Please output exactly the lines from the one containing "move=> /allP /(_ x0" through the last line of the records, both included.

··· Task input ···

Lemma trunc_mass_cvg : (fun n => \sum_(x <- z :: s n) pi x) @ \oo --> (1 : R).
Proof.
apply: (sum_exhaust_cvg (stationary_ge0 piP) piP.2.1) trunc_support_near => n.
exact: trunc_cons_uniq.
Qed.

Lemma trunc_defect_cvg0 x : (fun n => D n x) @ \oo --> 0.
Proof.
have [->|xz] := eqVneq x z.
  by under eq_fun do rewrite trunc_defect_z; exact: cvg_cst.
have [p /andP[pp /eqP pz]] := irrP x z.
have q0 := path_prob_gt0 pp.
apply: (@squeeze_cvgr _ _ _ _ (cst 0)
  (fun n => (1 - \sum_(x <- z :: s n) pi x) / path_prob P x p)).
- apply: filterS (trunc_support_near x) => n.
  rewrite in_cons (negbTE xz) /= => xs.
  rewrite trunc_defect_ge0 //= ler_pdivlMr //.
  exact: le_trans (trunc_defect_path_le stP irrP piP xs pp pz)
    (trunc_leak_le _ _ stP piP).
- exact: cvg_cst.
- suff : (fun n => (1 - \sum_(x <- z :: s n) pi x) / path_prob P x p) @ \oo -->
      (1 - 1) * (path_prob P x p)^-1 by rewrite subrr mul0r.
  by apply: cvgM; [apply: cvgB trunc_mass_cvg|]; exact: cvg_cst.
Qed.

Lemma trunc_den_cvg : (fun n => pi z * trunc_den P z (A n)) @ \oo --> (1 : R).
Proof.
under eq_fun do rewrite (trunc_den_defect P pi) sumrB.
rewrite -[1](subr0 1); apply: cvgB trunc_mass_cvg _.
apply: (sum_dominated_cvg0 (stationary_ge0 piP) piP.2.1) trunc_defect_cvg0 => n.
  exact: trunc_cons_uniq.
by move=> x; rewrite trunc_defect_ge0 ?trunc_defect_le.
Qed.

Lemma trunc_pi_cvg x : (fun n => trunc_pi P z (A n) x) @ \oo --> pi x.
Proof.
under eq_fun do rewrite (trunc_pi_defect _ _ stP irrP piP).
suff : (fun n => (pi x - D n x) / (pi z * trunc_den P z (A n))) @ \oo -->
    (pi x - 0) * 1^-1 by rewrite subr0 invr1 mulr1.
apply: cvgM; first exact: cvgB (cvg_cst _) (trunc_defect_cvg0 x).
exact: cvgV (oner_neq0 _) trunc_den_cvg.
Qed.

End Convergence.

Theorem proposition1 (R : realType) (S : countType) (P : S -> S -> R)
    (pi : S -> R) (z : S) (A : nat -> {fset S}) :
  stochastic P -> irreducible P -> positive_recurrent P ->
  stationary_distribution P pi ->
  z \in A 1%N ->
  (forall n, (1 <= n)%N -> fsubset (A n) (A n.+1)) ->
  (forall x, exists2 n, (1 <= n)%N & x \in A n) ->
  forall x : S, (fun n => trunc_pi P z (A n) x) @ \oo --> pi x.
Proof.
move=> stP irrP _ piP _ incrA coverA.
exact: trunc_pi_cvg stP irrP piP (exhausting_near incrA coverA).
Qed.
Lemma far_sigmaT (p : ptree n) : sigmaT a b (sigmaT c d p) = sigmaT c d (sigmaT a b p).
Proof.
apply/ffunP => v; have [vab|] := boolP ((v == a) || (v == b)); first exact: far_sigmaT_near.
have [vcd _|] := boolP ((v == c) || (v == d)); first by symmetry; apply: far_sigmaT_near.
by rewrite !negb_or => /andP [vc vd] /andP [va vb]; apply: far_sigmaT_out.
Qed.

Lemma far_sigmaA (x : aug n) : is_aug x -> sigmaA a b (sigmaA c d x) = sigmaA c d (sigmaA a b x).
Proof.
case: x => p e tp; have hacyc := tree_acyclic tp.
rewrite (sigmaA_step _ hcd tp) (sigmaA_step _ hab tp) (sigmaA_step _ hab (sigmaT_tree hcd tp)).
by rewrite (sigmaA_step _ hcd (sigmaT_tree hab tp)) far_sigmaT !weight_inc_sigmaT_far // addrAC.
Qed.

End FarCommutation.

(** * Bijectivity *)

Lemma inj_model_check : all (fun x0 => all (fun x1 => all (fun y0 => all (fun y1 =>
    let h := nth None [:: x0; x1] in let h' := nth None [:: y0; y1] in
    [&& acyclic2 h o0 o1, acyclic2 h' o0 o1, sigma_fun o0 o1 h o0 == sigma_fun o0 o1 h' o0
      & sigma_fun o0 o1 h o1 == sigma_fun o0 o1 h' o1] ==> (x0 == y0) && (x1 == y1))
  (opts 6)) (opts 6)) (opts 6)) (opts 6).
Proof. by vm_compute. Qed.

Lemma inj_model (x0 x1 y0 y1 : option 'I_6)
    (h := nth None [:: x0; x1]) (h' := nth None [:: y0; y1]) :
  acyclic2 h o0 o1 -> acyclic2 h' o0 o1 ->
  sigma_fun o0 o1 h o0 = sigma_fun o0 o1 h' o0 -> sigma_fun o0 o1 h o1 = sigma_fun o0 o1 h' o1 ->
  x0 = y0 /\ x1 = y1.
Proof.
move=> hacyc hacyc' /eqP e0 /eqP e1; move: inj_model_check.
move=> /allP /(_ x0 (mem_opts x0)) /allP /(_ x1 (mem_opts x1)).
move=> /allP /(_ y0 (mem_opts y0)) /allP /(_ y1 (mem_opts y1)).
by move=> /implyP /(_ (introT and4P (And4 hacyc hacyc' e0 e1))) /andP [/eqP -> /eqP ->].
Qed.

···

Response:
move=> /allP /(_ x0 (mem_opts x0)) /allP /(_ x1 (mem_opts x1)).
move=> /allP /(_ y0 (mem_opts y0)) /allP /(_ y1 (mem_opts y1)).
by move=> /implyP /(_ (introT and4P (And4 hacyc hacyc' e0 e1))) /andP [/eqP -> /eqP ->].
Qed.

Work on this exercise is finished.